▶ _What is needed_: Of all the lines below, return only those starting with the line holding "[tuple (0:R) | _ < d]." and going on through the line holding "(Q : 'M[R]_d) (x : d.-tuple R)", exactly as written.

▶ _Provided records_:
(* Let $m\ge1$ and let $v_1,\ldots,v_n$ be vectors in $\mathbb{R}^d$ ($d\ge2$), not all zero, with $m$-weights $w_j=\|v_j\|^m/\sum_\ell\|v_\ell\|^m$. Then $$\sum_{j=1}^n\sum_{k=1}^n\langle v_j,v_k\rangle^m\ \ge\ b_m(\mathbb{R}^d)\Bigl(\sum_{\ell=1}^n\|v_\ell\|^m\Bigr)^2,$$ with equality if and only if $(v_j)$ gives a weighted spherical half-design of order $m$. Moreover, $(v_j)$ gives a weighted spherical $m$-design if and only if, in addition, there is equality in $$\sum_{j=1}^n\sum_{k=1}^n\|v_j\|\|v_k\|\langle v_j,v_k\rangle^{m-1}\ \ge\ b_{m-1}(\mathbb{R}^d)\Bigl(\sum_{\ell=1}^n\|v_\ell\|^m\Bigr)^2.$$
   Context: $b_m(\mathbb{R}^d)=\int_{\mathbb{S}}\int_{\mathbb{S}}\langle x,y\rangle^m d\sigma(x)d\sigma(y)$ ($\sigma$ normalised surface measure on the unit sphere $\mathbb{S}$), equal to $0$ for $m$ odd and $\frac{1\cdot3\cdots(m-1)}{d(d+2)\cdots(d+m-2)}$ for $m$ even, with $b_0=1$. ''$(v_j)$ gives a weighted design for $P$'' means that the points $v_j/\|v_j\|$ (for $v_j\neq0$; zero vectors have weight $0$) with the $m$-weights $w_j$ satisfy $\int_{\mathbb{S}}p\,d\sigma=\sum_jw_jp(v_j/\|v_j\|)$ for all $p\in P$. A half-design of order $m$ uses $P=\operatorname{Hom}_m(\mathbb{R}^d)$ (homogeneous polynomials of degree $m$); an $m$-design uses $P=$ all polynomials of degree $\le m$. *)

From HB Require Import structures.
From mathcomp Require Import all_boot all_order all_algebra.
From mathcomp Require Import all_classical all_reals all_analysis.
From mathcomp Require mpoly.



Unset Printing Implicit Defensive.
Import Order.TTheory GRing.Theory Num.Theory.
Local Open Scope classical_set_scope.
Local Open Scope ring_scope.

(* Points of R^d are d-tuples of reals; d.-tuple R carries the product
   (= Borel) sigma-algebra from mathcomp-analysis (measurable_tuple). *)

Definition zerov {R : realType} (d : nat) : d.-tuple R := [tuple (0:R) | _ < d].

Definition dotv {R : realType} {d : nat} (x y : d.-tuple R) : R :=
  \sum_(i < d) tnth x i * tnth y i.

Definition normv {R : realType} {d : nat} (x : d.-tuple R) : R :=
  Num.sqrt (dotv x x).

Definition sphere (R : realType) (d : nat) : set (d.-tuple R) :=
  [set x | normv x = 1].

Definition mx_act {R : realType} {d : nat} (Q : 'M[R]_d) (x : d.-tuple R)
  : d.-tuple R := [tuple \sum_(j < d) Q i j * tnth x j | i < d].

Definition orthogonal_mx {R : realType} {d : nat} (Q : 'M[R]_d) : Prop :=
  Q *m Q^T = 1%:M.

(* sigma is the normalised surface measure on S: a probability measure on
   R^d carried by the unit sphere and invariant under the orthogonal group
   (this characterises the normalised surface measure uniquely). *)
Definition normalised_surface_measure {R : realType} {d : nat}
  (sigma : probability (d.-tuple R) R) : Prop :=
  sigma (sphere R d) = 1%E /\
  forall Q : 'M[R]_d, orthogonal_mx Q ->
  forall A : set (d.-tuple R), measurable A ->
    sigma (mx_act Q @^-1` A) = sigma A.

Definition sph_int {R : realType} {d : nat}
  (sigma : probability (d.-tuple R) R) (f : d.-tuple R -> R) : \bar R :=
  (\int[sigma]_(x in sphere R d) (f x)%:E)%E.

Definition bm {R : realType} {d : nat}
  (sigma : probability (d.-tuple R) R) (m : nat) : \bar R :=
  (\int[sigma]_(y in sphere R d) \int[sigma]_(x in sphere R d)
      (dotv x y ^+ m)%:E)%E.

Definition peval {R : realType} {d : nat} (p : mpoly.mpoly d R)
  (x : d.-tuple R) : R := mpoly.meval (fun i => tnth x i) p.

Definition mdeg_measure (d : nat) : mpoly.Measure.type d :=
  mpoly.Measure.Pack (mpoly.Measure.Class
    (mpoly.isMeasure.Build d (@mpoly.mdeg d) (@mpoly.mdeg0 d) (@mpoly.mdegD d))).

Definition homog_poly {R : realType} {d : nat} (m : nat)
  (p : mpoly.mpoly d R) : Prop :=
  p \is mpoly.ishomog1 m (mdeg_measure d).

(* polynomials of degree <= m *)
Definition deg_le_poly {R : realType} {d : nat} (m : nat)
  (p : mpoly.mpoly d R) : Prop :=
  (mpoly.mmeasure (mdeg_measure d) p <= m.+1)%N.

Definition normalize {R : realType} {d : nat} (x : d.-tuple R) : d.-tuple R :=
  [tuple tnth x i / normv x | i < d].

Definition mweight {R : realType} {d n : nat} (m : nat)
  (v : 'I_n -> d.-tuple R) (j : 'I_n) : R :=
  normv (v j) ^+ m / \sum_(l < n) normv (v l) ^+ m.

Definition weighted_design {R : realType} {d n : nat}
  (sigma : probability (d.-tuple R) R) (m : nat)
  (P : mpoly.mpoly d R -> Prop) (v : 'I_n -> d.-tuple R) : Prop :=
  forall p, P p ->
    sph_int sigma (peval p) =
    (\sum_(j < n | v j != zerov d) mweight m v j * peval p (normalize (v j)))%:E.

Definition half_design {R : realType} {d n : nat}
  (sigma : probability (d.-tuple R) R) (m : nat) (v : 'I_n -> d.-tuple R) :=
  weighted_design sigma m (homog_poly m) v.

Definition sph_design {R : realType} {d n : nat}
  (sigma : probability (d.-tuple R) R) (m : nat) (v : 'I_n -> d.-tuple R) :=
  weighted_design sigma m (deg_le_poly m) v.

From HB Require Import structures.
From mathcomp Require Import all_boot all_order all_algebra.
From mathcomp Require Import all_classical all_reals all_analysis.
From mathcomp Require mpoly.
Import (canonicals, coercions) mpoly.
From mathcomp Require Import measurable_realfun ring lra zify.

(* Expanding <x,y>^k = sum_f x^f y^f over the words f in {1..d}^k turns both
   double sums into sums of squares of moments: with u_j = v_j/|v_j|, the
   weighted moments b_f = sum_j w_j u_j^f satisfy
   sum_j sum_l |v_j|^(m-k) |v_l|^(m-k) <v_j,v_l>^k = S^2 sum_f b_f^2, while
   b_k(R^d) = sum_f a_f^2 with a_f = int x^f dsigma.  Orthogonal invariance of
   sigma makes the zonal function y |-> int <x,y>^k dsigma(x) = sum_f a_f y^f
   constant on the sphere, equal to b_k; averaging it over the u_j gives
   sum_f a_f b_f = sum_f a_f^2.  Hence
   sum_f b_f^2 = sum_f a_f^2 + sum_f (b_f - a_f)^2, with equality iff all
   moments of degree k agree, i.e. iff the weights integrate Hom_k exactly.
   Since |x|^2 = 1 on the sphere, exactness on Hom_m and Hom_(m-1) gives
   exactness in every degree <= m. *)

Set Implicit Arguments.
Unset Strict Implicit.
Unset Printing Implicit Defensive.

Import Order.TTheory GRing.Theory Num.Theory.
Local Open Scope classical_set_scope.
Local Open Scope ring_scope.

Lemma sum_sqr_pythagoras (R : realDomainType) (I : finType) (a b : I -> R) :
  \sum_i a i * b i = \sum_i a i ^+ 2 ->
  \sum_i a i ^+ 2 <= \sum_i b i ^+ 2 /\ (\sum_i b i ^+ 2 = \sum_i a i ^+ 2 <-> a =1 b).
Proof.
move=> ab_aa.
have sum_b2 : \sum_i b i ^+ 2 = \sum_i a i ^+ 2 + \sum_i (b i - a i) ^+ 2.
  have -> : \sum_i (b i - a i) ^+ 2 =
      \sum_i b i ^+ 2 - 2 * \sum_i a i * b i + \sum_i a i ^+ 2.
    by rewrite mulr_sumr -sumrB -big_split /=; apply: eq_bigr => i _; ring.
  by rewrite ab_aa; ring.
have sqr_ge0' i : 0 <= (b i - a i) ^+ 2 by exact: sqr_ge0.
rewrite sum_b2 lerDl sumr_ge0 //; split=> //; split => [|ab].
  move=> /eqP; rewrite -subr_eq0 addrC addKr => /eqP sum0 i.
  have /eqP := @psumr_eq0P R I xpredT _ (fun i _ => sqr_ge0' i) sum0 i isT.
  by rewrite sqrf_eq0 subr_eq0 => /eqP.
by rewrite [X in _ + X]big1 ?addr0 // => i _; rewrite ab subrr expr0n.
Qed.

Section Vectors.
Variables (R : realType) (d : nat).
Implicit Types x y : d.-tuple R.

Lemma dotvC x y : dotv x y = dotv y x.
Proof. by apply: eq_bigr => i _; rewrite mulrC. Qed.

Lemma dotvv_ge0 x : 0 <= dotv x x.
Proof. by apply: sumr_ge0 => i _; rewrite -expr2 sqr_ge0. Qed.

Lemma normv_ge0 x : 0 <= normv x.
Proof. exact: sqrtr_ge0. Qed.

Lemma sqr_normv x : normv x ^+ 2 = dotv x x.
Proof. by rewrite sqr_sqrtr // dotvv_ge0. Qed.

Lemma tnth_zerov i : tnth (zerov d) i = 0 :> R.
Proof. by rewrite tnth_mktuple. Qed.

Lemma normv_eq0 x : (normv x == 0) = (x == zerov d).
Proof.
apply/idP/eqP => [|->]; last first.
  by rewrite /normv /dotv big1 ?sqrtr0 // => i _; rewrite tnth_zerov mulr0.
rewrite sqrtr_eq0 => xx_le0; apply: eq_from_tnth => i; rewrite tnth_zerov.
have xx0 : dotv x x = 0 by apply/eqP; rewrite eq_le xx_le0 dotvv_ge0.
have sqr_ge0' j : 0 <= tnth x j * tnth x j by rewrite -expr2 sqr_ge0.
have /eqP := @psumr_eq0P R _ xpredT _ (fun j _ => sqr_ge0' j) xx0 i isT.
by rewrite mulf_eq0 orbb => /eqP.
Qed.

▶ _Worked solution_:
Definition zerov {R : realType} (d : nat) : d.-tuple R := [tuple (0:R) | _ < d].

Definition dotv {R : realType} {d : nat} (x y : d.-tuple R) : R :=
  \sum_(i < d) tnth x i * tnth y i.

Definition normv {R : realType} {d : nat} (x : d.-tuple R) : R :=
  Num.sqrt (dotv x x).

Definition sphere (R : realType) (d : nat) : set (d.-tuple R) :=
  [set x | normv x = 1].

Definition mx_act {R : realType} {d : nat} (Q : 'M[R]_d) (x : d.-tuple R)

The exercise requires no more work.